If there's any you are not sure of, you might wanna discuss with a partner.
Let's look at the next question.
Okay, there are plenty of answers for this first one.
There are six integer possibilities.
So one and six, two and five, three and four, four and three, five and two, six and one.
We said earlier in the lesson that we were going to use positive values for our masses.
However, there are plenty of non integer answers as well.
Okay, let's have a look at what happened in b.
So you can see that a triangle has been added to the left hand side and a mass of three has been added to the right hand side and that's balanced.
That means those things have to be the same.
So one triangle must be worth a mass of three.
So that's the only option now, which is true.
For that last one, you could have added 10 to the left hand side and that would balance them again.
Or because the right hand side has doubled, you could double the left hand side and that would balance them again.
Perfect.
Lots of great thinking there today guys.
I'm hoping now that you can use bar models or balances to help you with your equation skills moving forwards.

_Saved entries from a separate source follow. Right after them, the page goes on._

(* every letter recurs: each exhausted word is followed by one containing all letters *)
Lemma sched_fair : fair sched.
Proof.
move=> k N; set w := pending (run N).
have w_gt0 : (0 < size w)%N by have [] := pending_alive (run_alive N); rewrite lt0n size_eq0.
pose N' := (N + size w)%N.
have exhausted : (run N').2 = [::].
  rewrite /N' -(prednK w_gt0) addnS /= run_reads ?prednK //.
  by rewrite -drop1 drop_drop add1n prednK ?drop_size.
have [all_next _] : (forall k, k \in next_word (run N').1) /\
    alive (kspan (word (next_word (run N').1)) (run N').1).
  apply: next_wordP; have := run_alive N'; rewrite exhausted.
  by apply: alive_mono; rewrite /= kspan1.
have freshE : pending (run N') = next_word (run N').1 by rewrite /pending exhausted.
exists (N' + index k (pending (run N')))%N; split; first by rewrite /N' -addnA leq_addr.
rewrite /sched run_reads; last by rewrite index_mem freshE all_next.
by rewrite -nth0 nth_drop addn0 nth_index // freshE all_next.
Qed.

Lemma sched_prefix_alive n : ~~ (kspan (word (segment sched 0 n)) S0 <= (0 : 'M_d))%MS.
Proof.
apply: contraNN (alive_kspan_neq0 (run_alive n)) => prefix0.
by rewrite -submx0; apply: submx_trans (run_sub_prefix n) prefix0.
Qed.

End PersistentPath.

(* Conversely, if Sigma^d does not kill the support of rho, the machine above produces a
   fair path along which the program never terminates. *)
Lemma terminates_nilpotent rho : (0 < m)%N -> psd rho ->
  terminates_in Es M1 rho (@fair m) -> (iter d (kspan Sigma) rho^T <= (0 : 'M_d))%MS.
Proof.
move=> m_gt0 psd_rho term; rewrite submx0; apply: contraT => rho_alive.
have [n [_]] := term _ (sched_fair (Ordinal m_gt0) (rho_alive : alive rho^T)).
rewrite path_app_segment => /(so_app_eq0_kspan _ psd_rho).
by move=> prefix0; move: (sched_prefix_alive (Ordinal m_gt0) rho_alive n); rewrite prefix0.
Qed.

Lemma fair_termination_iff rho : (0 < m)%N -> psd rho ->
  terminates_in Es M1 rho (@fair m) <-> (iter d (kspan Sigma) rho^T <= (0 : 'M_d))%MS.
Proof.
move=> m_gt0 psd_rho; split; [exact: terminates_nilpotent | exact: nilpotent_terminates].
Qed.

End ConcurrentProgram.

Theorem mainTheorem8 (d m : nat) (Es : 'I_m -> superop d) (M0 M1 : 'M[algC]_d)
  (rho0 : 'M[algC]_d) :
  (0 < d)%N -> (0 < m)%N ->
  (forall k, trace_preserving (Es k)) ->
  adj M0 *m M0 + adj M1 *m M1 = 1%:M ->
  density rho0 ->
  (terminates_in Es M1 rho0 (@fair m) <->
     mxpow (matrep (sumFprime Es M1)) d *m (kron rho0 (1%:M : 'M[algC]_d) *m Phi d) = 0)
  /\
  (terminates_in Es M1 rho0 (@fair m) <->
     so_app (so_pow (sumFprime Es M1) d) rho0 = 0).
Proof.
move=> _ m_gt0 _ _ [psd_rho0 _]; set Sigma := sumFprime Es M1.
have so_criterion : terminates_in Es M1 rho0 (@fair m) <-> so_app (so_pow Sigma d) rho0 = 0.
  by rewrite fair_termination_iff // (so_app_eq0_kspan _ psd_rho0) kspan_pow.
(* the matrix criterion is the vectorised super-operator criterion *)
have mx_criterion : mxpow (matrep Sigma) d *m (kron rho0 1%:M *m Phi d) = 0 <->
    so_app (so_pow Sigma d) rho0 = 0.
  rewrite -/(vec rho0) mxpow_matrep_vec.
  by split => [/eqP | ->]; [rewrite vec_eq0 => /eqP | apply/eqP; rewrite vec_eq0].
by split; [apply: iff_trans so_criterion (iff_sym mx_criterion) | exact: so_criterion].
Qed.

We have seen that bar models can be used to rearrange equations with an additive relationship.
Equations can be represented with balances.
We're now experts at using that balance model.
We can only do that if the expressions on both sides are equal, and if they are, the scales will be balanced.
In order to keep a scale balanced, the same operation must be done to the expressions on both scale pans.
Well done with today's lesson and I look forward to seeing you again.